Currently, South Africa's VAT rate is relatively low compared to peer countries. VAT, being a tax on consumption, will affect all households through price increases. However, higher-income households, which consume more, will bear the brunt of the increase. Over 75% of VAT revenue is derived from households in the top four expenditure deciles, which corresponds to those spending R118,000 or more per year.

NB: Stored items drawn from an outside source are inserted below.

Lemma expr_gamma_neq0 n : (n < s)%N -> gamma ^+ n != 0.
Proof.
case: hR => _ _ _ + ns; apply: contraNneq => gn0.
by rewrite -(subnK (_ : n <= s.-1)%N) ?exprD ?gn0 ?mulr0 //; lia.
Qed.

Lemma mul_expr_gamma_unit_neq0 n u :
  (n < s)%N -> u \is a GRing.unit -> gamma ^+ n * u != 0.
Proof.
move=> ns uu; apply: contraNneq (expr_gamma_neq0 ns) => gnu0.
by apply/eqP/(mulIr uu); rewrite gnu0 mul0r.
Qed.

Lemma gamma_unit_factor x : x != 0 ->
  exists2 m, (m < s)%N & exists2 b, b \is a GRing.unit & x = gamma ^+ m * b.
Proof.
move=> x0.
have factor_or_dvd n : (n <= s)%N -> (exists2 m, (m < n)%N &
    exists2 b, b \is a GRing.unit & x = gamma ^+ m * b) \/ in_ideal (gamma ^+ n) x.
  elim: n => [_|n IH ns]; first by right; exists x; rewrite mul1r.
  have [[m mn fm]|[y ->]] := IH (ltnW ns); first by left; exists m => //; lia.
  have [uy|/nonunit_in_ideal [z ->]] := boolP (y \is a GRing.unit).
    by left; exists n => //; exists y.
  by right; exists z; rewrite mulrA -exprSr.
have [[m ms fm]|[y xy]] := factor_or_dvd s (leqnn s); first by exists m.
by move: x0; case: hR => _ _ gs _; rewrite xy gs mul0r eqxx.
Qed.
Lemma eval2_eq0 f : (forall t u, eval2 f t u = 0) ->
  forall r k, (r < K)%N -> (k < K)%N -> f r k = 0.
Proof.
move=> f_vanish r k r_ltK k_ltK; apply: (@coef_poly_eq0 (f r)) k_ltK => t.
apply: (@coef_poly_eq0 (fun r => \sum_(k < K) f r k * t ^+ k)) r_ltK => u.
rewrite -[RHS](f_vanish t u); apply: eq_bigr => r' _.
by rewrite mulr_suml.
Qed.

End CoefArray.

Definition waring_weight (m r : nat) := ('C(m.+1, r.+1) + 'C(m, r))%N.

Lemma waring_weightSS m r :
  waring_weight m.+1 r.+1 = (waring_weight m r.+1 + waring_weight m r)%N.
Proof. rewrite /waring_weight !binS; lia. Qed.

Section Waring.
Variable F : numFieldType.

(* Coefficient of [t^k u^r] in [(A + B)^j - A^j - B^j], written as a polynomial
   in [t = A + B] and [u = A B]. *)
Definition waring_coef (j r k : nat) : F :=
  if r is r'.+1 then
    if (k + r.*2 == j)%N then (-1) ^+ r' * (waring_weight (k + r') r')%:R else 0
  else if (j == 0) && (k == 0) then -1 else 0.

Lemma waring_coefSS j r k : waring_coef j.+2 r k =
  (if k is k'.+1 then waring_coef j.+1 r k' else 0)
  - (if r is r'.+1 then waring_coef j r' k else 0) + ((r == 1) && (k == j))%:R.
Proof.
case: r => [|[|r]].
- by case: k => [|k] /=; rewrite ?subr0 ?addr0.
- rewrite /waring_coef /= !mul1r; case: k => [|k].
    case: j => [|j] /=; rewrite ?subr0 ?addr0 //.
    by rewrite /waring_weight !addn0 !binn sub0r opprK natrD mulr1n.
  have [-> | j_neq] := eqVneq j k.+1.
    rewrite !ifT /= ?expr0 ?mul1r ?subr0 ?(eqxx, andbT); try by apply/eqP; lia.
    by rewrite -natrD /waring_weight !addn0 !bin1 !bin0; congr (_%:R); lia.
  by rewrite !ifF ?andbF ?subr0 ?addr0 //; apply/eqP; move/eqP: j_neq; lia.
- rewrite /waring_coef andFb addr0; case: k => [|k] /=.
    rewrite sub0r !add0n doubleS !eqSS; case: eqP => _; last by rewrite oppr0.
    by rewrite /waring_weight !binn exprS; ring.
  have -> : (k + r.+2.*2 == j.+1)%N = (k.+1 + r.+2.*2 == j.+2)%N by rewrite addSn eqSS.
  have -> : (k.+1 + r.+1.*2 == j)%N = (k.+1 + r.+2.*2 == j.+2)%N.
    by rewrite doubleS !addnS !eqSS.
  case: eqP => _; last by rewrite subr0.
  by rewrite [(k.+1 + r.+1)%N]addSn waring_weightSS !addnS !addSn natrD exprS; ring.
Qed.
Definition lt_list (x y : seq nat) : bool :=
  (sumn x == sumn y) &&
  (lexb (wt_list x) (wt_list y) 4 ||
   (all (fun i => wt_list x i == wt_list y i) (iota 0 4) && lexb (nth 0%N x) (nth 0%N y) 5)).

Lemma sigma_mon_of x : size x = 5%N ->
  (fun j => if (j < 5)%N then sigma (mon_of x) (inord j) else 0%N) =1 nth 0%N x.
Proof.
move=> sx j; case: ltnP => Hj; first by rewrite /sigma mon_ofE inordK.
by rewrite nth_default // sx.
Qed.

Lemma lt_listP x y : small5 x -> small5 y -> mon_lt (mon_of x) (mon_of y) <-> lt_list x y.
Proof.
move=> /andP [/eqP sx bx] /andP [/eqP sy bY].
have Ew i : (4 <= i)%N -> wt_list x i = wt_list y i by move=> Hi; rewrite !wt_list_high.
have Es i : (5 <= i)%N -> nth 0%N x i = nth 0%N y i by move=> Hi; rewrite !nth_default ?sx ?sy.
have Wx : wt (mon_of x) =1 wt_list x by move=> i; rewrite wt_mon_of.
have Wy : wt (mon_of y) =1 wt_list y by move=> i; rewrite wt_mon_of.
rewrite /mon_lt /lt_list !mdeg_mon_of //; split.
  move=> [-> [Hl|[He Hs]]]; rewrite eqxx andTb; apply/orP.
    by left; apply/(lexbP Ew); apply: lex_lt_ext Hl.
  right; apply/andP; split; first by apply/allP => i _; rewrite -Wx -Wy He.
  by apply/(lexbP Es); apply: lex_lt_ext Hs; apply: sigma_mon_of.
move=> /andP [/eqP -> /orP [/(lexbP Ew) Hl | /andP [/allP He /(lexbP Es) Hs]]]; split => //.
  by left; apply: lex_lt_ext Hl => i; rewrite ?Wx ?Wy.
right; split.
  move=> i; rewrite Wx Wy; case: (ltnP i 4) => Hi; last exact: Ew.
  by apply/eqP/He; rewrite mem_iota.
by apply: lex_lt_ext Hs => j; rewrite sigma_mon_of.
Qed.

Definition adm_ok (d : nat) (l : seq nat) (S : seq (seq nat)) : bool :=
  [&& small5 l, all small5 S, homog_list d S, kills_hits S,
      odd (count_mem l S) & all (fun t => ~~ lt_list t l) S].

Lemma adm_okP d l S : adm_ok d l S -> admissible (mon_of l).
Proof.
move=> /and5P [sl sS HS Hk /andP [Hodd Hmin]] [ys [Hlt Hhit]].
have SS t : t \in S -> size t = 5%N by move=> /(allP HS) /andP [/eqP].
have := phi_hit HS Hk Hhit; rewrite phiD phiX phi_sum big_seq big1.
  rewrite addr0 count_mon_of; first by rewrite natr_F2 Hodd => /eqP; rewrite oner_eq0.
    by case/andP: sl => /eqP.
  by apply/allP => t /SS ->.
move=> y /Hlt Hy; rewrite phiX.
suff -> : count (fun t => mon_of t == y) S = 0%N by [].
apply/eqP; rewrite eqn0Ngt -has_count; apply/hasPn => t Ht /=; apply/eqP => Hty.
move: Hy; rewrite -Hty (lt_listP (allP sS _ Ht) sl) => Hb.
by move: (allP Hmin _ Ht); rewrite Hb.
Qed.

Lemma hit_Sq k p : (0 < k)%N -> hit (Sq k p).
Proof. by move=> k0; exists [:: (k, p)]; rewrite /= k0 big_seq1. Qed.

Definition inadm_ok (l : seq nat) (ys : seq (seq nat)) (k : nat) (a : seq nat) : bool :=
  [&& small5 l, all small5 ys, all (lt_list^~ l) ys, (0 < k)%N, size a == 5%N &
      same_parity (l :: ys) (sq_list k a)].

Lemma inadm_okP l ys k a : inadm_ok l ys k a -> inadmissible (mon_of l).
Proof.
move=> /and5P [sl sys Hlt k0 /andP [/eqP sa Hpar]]; exists (map mon_of ys); split.
  move=> y /mapP [t Ht ->]; apply/lt_listP => //; [exact: (allP sys) | exact: (allP Hlt)].
rewrite /steq; have -> : 'X_[mon_of l] + \sum_(y <- map mon_of ys) 'X_[y] = pol (l :: ys).
  by rewrite pol_cons /pol big_map.
rewrite (pol_eq _ Hpar) -?Sq_mon_list // -?Sq_X; first exact: hit_Sq.
rewrite all_cat sq_list_size // andbT /= (andP sl).1.
by apply/allP => y /(allP sys) /andP [].
Qed.

Definition degc (w : wvec) : nat :=
  sumn (map (fun i => 2 ^ i * nth 0 w i)%N (iota 0 (size w))).

Lemma degcE w : degc w = degw w.
Proof.
rewrite /degc /degw sumnE big_map.
by rewrite -(big_mkord xpredT (fun i => 2 ^ i * nth 0 w i)%N) /index_iota subn0.
Qed.

Definition lower_list (w : wvec) (t : seq nat) : bool :=
  (sumn t == degc w) && lexb (wt_list t) (nth 0%N w) 4.

Definition wt_is (w : wvec) (t : seq nat) : bool :=
  all (fun i => wt_list t i == nth 0%N w i) (iota 0 4).

Lemma wt_list_w w t i : (size w <= 4)%N -> small5 t -> (4 <= i)%N -> wt_list t i = nth 0%N w i.
Proof.
by move=> sw /andP [_ bt] Hi; rewrite wt_list_high // nth_default //; apply: leq_trans sw Hi.
Qed.

Lemma lower_listP w t : (size w <= 4)%N -> small5 t ->
  (mdeg (mon_of t) = degw w /\ lex_lt (wt (mon_of t)) (wfun w)) <-> lower_list w t.
Proof.
move=> sw ot; have E := wt_list_w sw ot; case/andP: ot => /eqP st _.
have W : wt (mon_of t) =1 wt_list t by move=> i; rewrite wt_mon_of.
rewrite /lower_list mdeg_mon_of // degcE; split.
  by move=> [-> H]; rewrite eqxx /=; apply/(lexbP E); apply: lex_lt_ext H.
by move=> /andP [/eqP -> /(lexbP E) H]; split => //; apply: lex_lt_ext H => i; rewrite ?W.
Qed.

The government believes that increasing taxes on consumption through a higher VAT rate will have the least detrimental effect on economic growth and employment over the medium term, compared to increases in personal or corporate income tax rates. Raising personal income tax rates has proven inefficient, as taxpayers adjust to reduce their liabilities, and higher rates could reduce the incentive to work and save. Similarly, increasing corporate tax rates could impede competitiveness and generate less revenue than VAT.
To mitigate the impact of the VAT rate increase on lower-income households, the government proposes to extend the list of zero-rated basic foods. From 1 May 2025, zero rating will include edible offal of sheep, poultry, goats, swine, and bovine animals, specific cuts such as heads, feet, bones, and tongues, dairy liquid blend, and tinned or canned vegetables. While zero rating is a blunt tool, the 2022/23 Income and Expenditure Survey shows high consumption of these items in the lowest four expenditure deciles. These measures are estimated to cost the government about R2 billion in forgone revenue.